Nada nuevo bajo el sol

U.S. President Donald Trump speaks during a rally in Wilkes-Barre, Pennsylvania, U.S., on Thursday, Aug. 2, 2018. Trump tweeted Thursday that Pennsylvania has to love him because he's "bringing STEEL BACK in a VERY BIG way." Photographer: Victor J. Blue/Bloomberg

En 1930 un presidente republicano ya había iniciado un evento similar en un entorno populista como el actual

Ricardo Sacipa

Ray Dalio, considerado uno de los mejores inversionistas de nuestra época, afirma en su libro Principles, que con tiempo y experiencia se ha dado cuenta de que cada evento financiero es como “otro de esos”, lo cual le da un enfoque más calmado y analítico a cada escenario ya que cuando encuentra situaciones que no había vivido antes, sabe que así no le hayan sucedido a él la mayoría le sucedieron a otras personas en otras épocas y lugares. Esto lo llevó a estudiar la historia financiera al detalle, ayudándole a anticipar eventos como la crisis de los mercados de 2008.

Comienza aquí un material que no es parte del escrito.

Lemma others_quit_bounds : s * (1 - s) <= 1 - P <= s.
Proof.
have others01 : in01 (set_coord p k 0) by apply: (set_coord_in01 k scaled_in01); lra.
have := single_mass_bounds others01; have := multiple_mass_le others01.
have := sum_quit_dist_setN0 (set_coord p k 0); rewrite big_setN0_split quit_dist_set0.
have := quit_dist_set0_ge others01; rewrite quit_dist_set0 sum_others_scaled.
have : 0 <= \big[Rplus/0]_(S : {set 'I_N} | (1 < #|S|)%N) quit_dist (set_coord p k 0) S.
  by apply: sumR_ge0 => S _; apply: quit_dist_ge0.
rewrite /others_continue; set Q1 := \big[Rplus/0]_j _; set Q2 := \big[Rplus/0]_(S | _) _.
set P0 := \big[Rmult/1]_i _.
lra.
Qed.

Lemma others_single_quit_payoff :
  \big[Rplus/0]_j (set_coord p k 0 j * r [set j] k) = dl * single_quit_payoff r rho k.
Proof.
rewrite /single_quit_payoff big_distrr /=; apply: eq_bigr => j _.
by rewrite /set_coord; case: eqP => [->|_]; rewrite ?r_diag; ring.
Qed.

Lemma continue_payoff_bounds :
  dl * single_quit_payoff r rho k - 2 * s ^ 2 <= A <= dl * single_quit_payoff r rho k + 2 * s ^ 2.
Proof.
have others01 : in01 (set_coord p k 0) by apply: (set_coord_in01 k scaled_in01); lra.
have := quit_payoff_approx others01 (g := fun S => r S k) (fun S => r_valid S k).
have := single_mass_bounds others01.
rewrite others_single_quit_payoff sum_others_scaled /continue_payoff.
set Q1 := \big[Rplus/0]_j _; set A' := \big[Rplus/0]_(S | _) _.
nra.
Qed.

Lemma quit_payoff_bounds : - (1 - P) <= B <= 1 - P.
Proof. exact: (quitting_payoff_bound scaled_in01 (fun S => r_valid S k) (r_diag k)). Qed.

Local Notation pk := (dl * rho k).
Local Notation D := (pk + (1 - pk) * (1 - P)).

(* The solution of [V = pk * B + (1 - pk) * (A + P * V)]. *)
Definition stationary_value := (pk * B + (1 - pk) * A) / D.

Lemma pk_bounds : 0 <= pk < dl.
Proof. by have := rho_ge0 k; have := rho_lt1 k; split; nra. Qed.

Lemma stop_prob_ge : dl / 4 <= D.
Proof. by apply: stop_prob_ge_arith pk_bounds dl_le _; case: others_quit_bounds. Qed.

Lemma stationary_valueE : stationary_value * D = pk * B + (1 - pk) * A.
Proof. by have := stop_prob_ge => D_ge; rewrite /stationary_value; field; lra. Qed.

Lemma quit_le_value : B <= stationary_value + eps.
Proof.
have := quit_deviation_arith pk_bounds dl_le gm_ge0 budget others_quit_bounds
  (proj1 continue_payoff_bounds) quit_payoff_bounds.
have := payoff_lb k; have := stop_prob_ge; have := stationary_valueE.
set V := stationary_value; set c := single_quit_payoff r rho k => VD D_ge c_ge arith.
have {}arith := arith (ltac:(nra)).
apply: (Rmult_le_reg_r D); nra.
Qed.

Lemma continue_le_value : A <= (stationary_value + eps) * (1 - P).
Proof.
have := continue_deviation_arith pk_bounds dl_le gm_ge0 budget others_quit_bounds
  (proj2 continue_payoff_bounds) quit_payoff_bounds.
have := payoff_ub k; have := stop_prob_ge; have := stationary_valueE.
set V := stationary_value; set c := single_quit_payoff r rho k => VD D_ge c_le arith.
have : pk * (dl * c) <= gm * dl * (dl - pk).
  have : dl * dl * (rho k * c) <= dl * dl * (gm * (1 - rho k)) by apply: Rmult_le_compat_l; nra.
  nra.
move=> /arith {}arith.
have VDq : V * D * (1 - P) = (pk * B + (1 - pk) * A) * (1 - P) by rewrite VD.
by apply: (Rmult_le_reg_r D); lra.
Qed.

Lemma others_continue_lt1 : P < 1.
Proof. have := others_quit_bounds; have := pk_bounds; nra. Qed.

Lemma stationary_payoff v : payoff_is r (fun i _ => p i) k v -> v = stationary_value.
Proof.
have stage : dl * rho k * B + (1 - dl * rho k) * A =
    stationary_value * (1 - (1 - dl * rho k) * P) by have := stationary_valueE; lra.
have x_profile : is_profile (fun i _ => p i) by move=> i t; apply: scaled_in01.
move=> v_lim; apply: Rle_antisym.
- exact: (payoff_le scaled_in01 (fun _ _ _ => erefl) x_profile others_continue_lt1
    (fun=> Req_le _ _ stage) v_lim).
- exact: (payoff_ge scaled_in01 (fun _ _ _ => erefl) x_profile others_continue_lt1
    (fun=> Req_le_sym _ _ stage) v_lim).
Qed.
Theorem mainTheorem8 (R : realType) (n : nat) (c : 'I_n -> R)
  (mu : 'I_n -> probability R R) :
  (forall i, 0 <= c i) ->
  (forall i, mu i [set x : R | 0 <= x] = 1%E) ->
  exists tau : R, 0 <= tau /\
  forall (d : measure_display) (Omega : measurableType d)
         (P : probability Omega R) (X Y : 'I_n -> Omega -> R),
    (forall i, measurable_fun setT (X i)) ->
    (forall i, measurable_fun setT (Y i)) ->
    (forall i w, 0 <= X i w) ->
    (forall i w, 0 <= Y i w) ->
    (forall i (A : set R), measurable A -> P (X i @^-1` A) = mu i A) ->
    pairs_independent P X Y ->
    forall s : Omega -> option 'I_n,
      spmi_best_response c tau X Y s ->
      ((2%:R)^-1%:E *
         \int[P]_w (\big[Num.max/0]_(i < n) Num.max (X i w - c i) 0)%:E
       <= \int[P]_w (spmi_principal_util c tau (fun i => X i w) (s w))%:E)%E.
Proof.
move=> _ _; have [tau tau_ge0 tau_spec] := exists_spmi_threshold c mu.
exists tau; split=> // d Omega P X Y mX _ _ Y_ge0 law indep s best.
case: tau_spec => [fixed | [[k excess_k] pos]].
  exact: (spmi_half_optimal_of_fixed_point mX indep law tau_ge0 Y_ge0 best fixed).
by rewrite (spmi_principal_value_pinfty mX indep law tau_ge0 Y_ge0 best excess_k pos) leey.
Qed.
Lemma in_wedge_image_swap x y : in_wedge_image x y -> in_wedge_image y x.
Proof.
case=> s [s_gen xs]; exists (fscale (-1) s); split; first exact: gen_supported_scale.
have h := W_rel_anti y x.
by lincomb [:: (1, [:: (1, (y, x)); (1, (x, y))]); (-1, fsub [:: (1, (x, y))] (wedge_map s))]
  using rewrite !fcoef_wedge_map fcoef_scale intrM.
Qed.

Lemma in_wedge_imageT x y : in_wedge_image x y.
Proof.
have zero x' y' : W_rel [:: (1, (x', y'))] -> in_wedge_image x' y'.
  by move=> h; exists [::]; split => //; lincomb [:: (1, [:: (1, (x', y'))])].
wlog x_gt0 : x y / 0 < x.
  move=> pos; have [x_lt0|x_gt0|->] := ltgtP x 0; last 1 first.
  - apply: zero; have := W_rel_scalel 0 0 y; rewrite rmorph0 mul0r => h.
    by lincomb [:: (1, [:: (1, (0, y)); (- 0, (0, y))])].
  - by rewrite -[x]opprK; apply/in_wedge_imageNl/pos; lra.
  - exact: pos.
wlog y_gt0 : y / 0 < y.
  move=> pos; have [y_lt0|y_gt0|->] := ltgtP y 0; last 1 first.
  - apply: zero; have := W_rel_scaler 0 x 0; rewrite rmorph0 mul0r => h.
    by lincomb [:: (1, [:: (1, (x, 0)); (- 0, (x, 0))])].
  - by rewrite -[y]opprK; apply/in_wedge_imageNr/pos; lra.
  - exact: pos.
have [yx|xy|<-] := ltgtP y x.
- exact: in_wedge_image_gen.
- exact/in_wedge_image_swap/in_wedge_image_gen.
- exact/zero/W_rel_diag.
Qed.

Lemma wedge_map_surj w : exists s, gen_supported s /\ W_rel (fsub w (wedge_map s)).
Proof.
elim: w => [|[q [x y]] w [s [s_gen ws]]]; first by exists [::]; split => //; lincomb [::].
have [s1 [s1_gen h1]] := in_wedge_imageT (ratr q * x) y.
have hq := W_rel_scalel q x y.
exists (s1 ++ s); split; first by rewrite /gen_supported all_cat; apply/andP.
rewrite /wedge_map map_cat -/(wedge_map s1) -/(wedge_map s).
by lincomb [:: (1, fsub w (wedge_map s)); (1, fsub [:: (1, (ratr q * x, y))] (wedge_map s1));
               (-1, [:: (1, (ratr q * x, y)); (- q, (x, y))])]
  using rewrite ?fcoef_wedge_map.
Qed.

End PresentationW.

Section InverseMap.
Variable R : realType.
Notation S := (fsum int (R * R)%type).
Notation W := (fsum rat (R * R)%type).
Implicit Types (s : S) (w : W).

Definition vwedge_sum w : S := flatten [seq vwedge (ratr p.1 * p.2.1) p.2.2 | p <- w].

Lemma vwedge_sum_cat w w' : vwedge_sum (w ++ w') = vwedge_sum w ++ vwedge_sum w'.
Proof. by rewrite /vwedge_sum map_cat flatten_cat. Qed.

Lemma vwedge_sum_cons p w :
  vwedge_sum (p :: w) = vwedge (ratr p.1 * p.2.1) p.2.2 ++ vwedge_sum w.
Proof. by []. Qed.

Lemma fcoef_vwedge_sum w z :
  fcoef (vwedge_sum w) z = \sum_(p <- w) fcoef (vwedge (ratr p.1 * p.2.1) p.2.2) z.
Proof. by rewrite /vwedge_sum fcoef_flatten big_map. Qed.

Lemma vwedge_sum_relW (c : rat) (r : W) : relW r -> V_rel (vwedge_sum (fscale c r)).
Proof.
case=> [[x [x' [y ->]]]|[[x [y [y' ->]]]|[[q [x [y ->]]]|[[q [x [y ->]]]|[x ->]]]]];
  rewrite /vwedge_sum /= ?cats0 ?mulr1 ?mulrN1 ?mulrN ?rmorphN ?mulNr.
- have := vwedge_addl (ratr c * x) (ratr c * x') y; rewrite -mulrDr => h.
  by lincomb [:: (1, fsub (vwedge (ratr c * (x + x')) y)
                          (vwedge (ratr c * x) y ++ vwedge (ratr c * x') y))]
    using rewrite ?fcoef_vwedgeNl.
- have h := vwedge_addr (ratr c * x) y y'.
  by lincomb [:: (1, fsub (vwedge (ratr c * x) (y + y'))
                          (vwedge (ratr c * x) y ++ vwedge (ratr c * x) y'))]
    using rewrite ?fcoef_vwedgeNl.
- by rewrite rmorphM mulrA; lincomb [::] using rewrite ?fcoef_vwedgeNl.
- have := vwedge_ratmul_swap q (ratr c * x) y.
  rewrite mulrA -rmorphM [q * c]mulrC => h.
  by lincomb [:: (-1, fsub (vwedge (ratr (c * q) * x) y) (vwedge (ratr c * x) (ratr q * y)))]
    using rewrite ?fcoef_vwedgeNl.
- pose m := numq c; pose n := denq c; pose x0 := x / n%:~R.
  have n_neq0 : n%:~R != 0 :> R by rewrite intr_eq0 denq_neq0.
  have cx : ratr c * x = m%:~R * x0 by rewrite /x0 /ratr; field.
  have nx : x = n%:~R * x0 by rewrite /x0; field.
  have hm := vwedge_intmull m x0 (n%:~R * x0); have hn := vwedge_intmulr n x0 x0.
  have h0 := vwedge_diag x0.
  rewrite cx {1}nx.
  by lincomb [:: (1, fsub (vwedge (m%:~R * x0) (n%:~R * x0)) (fscale m (vwedge x0 (n%:~R * x0))));
                 (m, fsub (vwedge x0 (n%:~R * x0)) (fscale n (vwedge x0 x0)));
                 (m * n, vwedge x0 x0)].
Qed.

Lemma vwedge_sum_const (k : R * R) w : all (fun p => p.2 == k) w ->
  eqV (vwedge_sum w) (vwedge (ratr (fcoef w k) * k.1) k.2).
Proof.
elim: w => [|[c k'] w IH].
  by rewrite fcoef_nil rmorph0 mul0r => _; lincomb [::] using rewrite fcoef_vwedge0l.
case/andP => /eqP /= -> /IH h.
rewrite vwedge_sum_cons fcoef_cons /= eqxx mulr1 rmorphD mulrDl.
have add := vwedge_addl (ratr c * k.1) (ratr (fcoef w k) * k.1) k.2.
by lincomb [:: (1, fsub (vwedge_sum w) (vwedge (ratr (fcoef w k) * k.1) k.2));
               (-1, fsub (vwedge (ratr c * k.1 + ratr (fcoef w k) * k.1) k.2)
                      (vwedge (ratr c * k.1) k.2 ++ vwedge (ratr (fcoef w k) * k.1) k.2))].
Qed.

Lemma vwedge_sum_eq0 w : (forall z, fcoef w z = 0) -> V_rel (vwedge_sum w).
Proof.
elim: {w}(size w).+1 {-2}w (ltnSn (size w)) => // n IH [|[c k] w] size_w w0.
  by lincomb [::].
pose A := [seq p <- w | p.2 == k]; pose B := [seq p <- w | p.2 != k].
have split_w z : fcoef (vwedge_sum w) z = fcoef (vwedge_sum A) z + fcoef (vwedge_sum B) z.
  by rewrite !fcoef_vwedge_sum !big_filter [LHS](bigID (fun p => p.2 == k)).
have hA := vwedge_sum_const (filter_all (fun p => p.2 == k) w); rewrite -/A in hA.
have hB : V_rel (vwedge_sum B).
  apply: IH => [|z]; first by rewrite size_filter (leq_ltn_trans (count_size _ _)).
  rewrite fcoef_filter_neq; have [->|zk] := eqVneq z k; first by rewrite mul0r.
  by have := w0 z; rewrite fcoef_cons eq_sym (negPf zk) mulr0 add0r => ->; rewrite mulr0.
have cA : c + fcoef A k = 0.
  by rewrite fcoef_filter_eq eqxx mul1r; have := w0 k; rewrite fcoef_cons eqxx mulr1.
have := vwedge_addl (ratr c * k.1) (ratr (fcoef A k) * k.1) k.2.
rewrite -mulrDl -rmorphD cA rmorph0 mul0r => add.
rewrite vwedge_sum_cons.
by lincomb [:: (1, fsub (vwedge_sum A) (vwedge (ratr (fcoef A k) * k.1) k.2)); (1, vwedge_sum B);
               (-1, fsub (vwedge 0 k.2)
                       (vwedge (ratr c * k.1) k.2 ++ vwedge (ratr (fcoef A k) * k.1) k.2))]
  using rewrite split_w fcoef_vwedge0l.
Qed.

Lemma vwedge_sum_feq w w' : feq w w' -> eqV (vwedge_sum w) (vwedge_sum w').
Proof.
move=> ww'.
have h : V_rel (vwedge_sum (fsub w w')) by apply: vwedge_sum_eq0 => z; rewrite fcoef_sub ww' subrr.
apply: in_span_feq h => z.
rewrite fcoef_sub /fsub vwedge_sum_cat fcoef_cat !fcoef_vwedge_sum /fscale big_map -sumrN.
by congr (_ + _); apply: eq_bigr => p _; rewrite /= mulN1r rmorphN mulNr fcoef_vwedgeNl.
Qed.

Lemma vwedge_sum_W_rel w : W_rel w -> V_rel (vwedge_sum w).
Proof.
case=> l [l_rel lw].
have h : V_rel (vwedge_sum (fcomb l)).
  elim: l l_rel {lw} => [|q l IH] l_rel; first by lincomb [::].
  have hq := vwedge_sum_relW q.1 (l_rel 0%N isT).
  have hl : V_rel (vwedge_sum (fcomb l)) by apply: IH => i; apply: (l_rel i.+1).
  rewrite [fcomb _]/= vwedge_sum_cat -/(fcomb l).
  by lincomb [:: (1, vwedge_sum (fscale q.1 q.2)); (1, vwedge_sum (fcomb l))].
have e := vwedge_sum_feq lw.
by lincomb [:: (1, vwedge_sum (fcomb l)); (-1, fsub (vwedge_sum (fcomb l)) (vwedge_sum w))].
Qed.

Al aplicar este enfoque al ambiente actual, en el cual el presidente de Estados Unidos, Donald Trump, está fomentando una guerra comercial, encontramos que un mandatario republicano ya había iniciado un evento similar en un entorno de populismo como el que vivimos actualmente; en 1930 fue aprobada la Ley Hawley-Smoot bajo el gobierno de Herbert Hoover, la cual elevó de forma unilateral los aranceles a productos agrícolas e industriales para proteger los negocios norteamericanos, esto a pesar de la misiva recibida por más de 1.000 economistas de renombre, los cuales le advertían sobre este tipo de medidas; carta que también recibió Trump por parte de varios Nobel de economía, los cuales advirtieron las repercusiones de tales aranceles y quienes esta vez tampoco obtuvieron respuesta por parte del Gobierno.

Al entrar en efecto la Ley se elevaron aranceles a más de 20.000 productos a un promedio de 59,1% y en algunos casos se cuadruplicó. Como ha sucedido hoy en día las repercusiones no se hicieron esperar; Canadá impuso tarifas a productos que contaban por el 30% del total de exportaciones norteamericanas, los países europeos buscaron mercados alternos o crearon industrias sustitutas y algunos extremos como Alemania, que entró en un estado de autarquía económica, desarrolló lazos comerciales solo con países europeos.

Las consecuencias fueron desastrosas; el comercio global se paralizó, varias empresas marítimas de transporte fueron desmanteladas, (lo cual está llevando a varios fondos de inversión a vender acciones de compañías como Maersk), las importaciones norteamericanas cayeron un 66% y las exportaciones en un 61%, a medida que empeoraba la crisis esta Ley afectó aún más la debilitada economía estadounidense ya que las tarifas eran fijas, lo cual generó que el porcentaje tarifario aumentara a medida que los precios seguían cayendo, el desempleo pasó del 8% al 25%, entre otras.

Finalmente, en 1933 el nuevo presidente de Estados Unidos, Franklin D. Roosvelt, eliminaría la nombrada Ley arancelaria y desde 1934 llevaría medidas agresivas para disminuir sustancialmente las tarifas.

La historia ya nos mostró cuales podrían ser las consecuencias; en esa época y en la actualidad es claro que son más las desventajas que las ventajas de esta guerra comercial, las similitudes son tales que Reed Smoot, uno de los ponentes de la ley, era un empresario xenófobo de relativo éxito preocupado por dejar su nombre en la historia. Hasta ahora hemos visto la misma reacción, tal como sucedió en 1930, y si Estados Unidos mantiene su postura, posiblemente veremos las consecuencias que ya fueron mencionadas, ya que según el inversionista Ray Dalio no hay nada nuevo bajo el sol.